Lemma supp_component_sumr A B C a0 b0 i :
  component A -> component B -> component C -> A a0 -> B b0 -> C (a0 + b0) ->
  supp_set b J B i -> supp_set b J C i.
Proof.
move=> cA cB cC Aa0 Bb0 Cab0 [y [By sy]].
have [[a Aa Cay]|Cy] := component_partner cA cB cC Aa0 Bb0 Cab0 By; last by exists y.
have [[_ Pa] [_ Py]] := (Phi_qpos (component_Phi cA Aa), Phi_qpos (component_Phi cB By)).
by exists (a + y); split=> //; apply/(supp_rootD HB _ Pa Py); right.
Qed.

Lemma supp_component_sum A B C a0 b0 :
  component A -> component B -> component C -> A a0 -> B b0 -> C (a0 + b0) ->
  forall i, supp_set b J C i <-> supp_set b J A i \/ supp_set b J B i.
Proof.
move=> cA cB cC Aa0 Bb0 Cab0 i; split; last first.
  case; last exact: supp_component_sumr cA cB cC Aa0 Bb0 Cab0.
  by apply: supp_component_sumr cB cA cC Bb0 Aa0 _; rewrite addrC.
move=> [c [Cc sc]].
have [CA|nCA] := classic (same_set C A); first by left; exists c; rewrite -CA.
have [CB|nCB] := classic (same_set C B); first by right; exists c; rewrite -CB.
have [a [b' [Aa Bb Ec]]] := component_sub_sumset cA cB cC Aa0 Bb0 Cab0 nCA nCB Cc.
have [[_ Pa] [_ Pb]] := (Phi_qpos (component_Phi cA Aa), Phi_qpos (component_Phi cB Bb)).
rewrite Ec in sc; case/(supp_rootD HB _ Pa Pb): sc => s.
  by left; exists a.
by right; exists b'.
Qed.

End InversionSetComponents.

Theorem proposition4p19 (R : realType) (n m : nat) (D : seq 'rV[R]_n)
    (b : 'I_m -> 'rV[R]_n) (J : {set 'I_m}) (Phi A B C : 'rV[R]_n -> Prop) :
  is_root_system D -> is_base D b -> J \proper [set: 'I_m] ->
  inversion_set (qroot D b J) (qpos D b J) Phi ->
  is_component (qpos D b J) Phi A ->
  is_component (qpos D b J) Phi B ->
  is_component (qpos D b J) Phi C ->
  comp_add (qroot D b J) (qpos D b J) Phi A B C ->
  forall i, supp_set b J C i <-> supp_set b J A i \/ supp_set b J B i.
Proof.
move=> HD HB _ HPhi cA cB cC [_ [[z Zz] Zadd]].
have [a0 [b0 [Aa0 Bb0 Cab0]]] : exists a0 b0, [/\ A a0, B b0 & C (a0 + b0)].
  case: Zadd => [ZC|[_ [_ [_ [z' [[_ [a0 [b0 [Aa0 [Bb0 ->]]]]] Cz']]]]]].
    have [_ [a0 [b0 [Aa0 [Bb0 Ez]]]]] := Zz.
    by exists a0, b0; split=> //; rewrite -Ez; apply: ZC.
  by exists a0, b0.
exact: (supp_component_sum HD HB HPhi cA cB cC Aa0 Bb0 Cab0).
Qed.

============

- [Work task]: Go through the entries. Report every line that contains the word "last".

- [Answer space]:
have [[a Aa Cay]|Cy] := component_partner cA cB cC Aa0 Bb0 Cab0 By; last by exists y.
move=> cA cB cC Aa0 Bb0 Cab0 i; split; last first.
  case; last exact: supp_component_sumr cA cB cC Aa0 Bb0 Cab0.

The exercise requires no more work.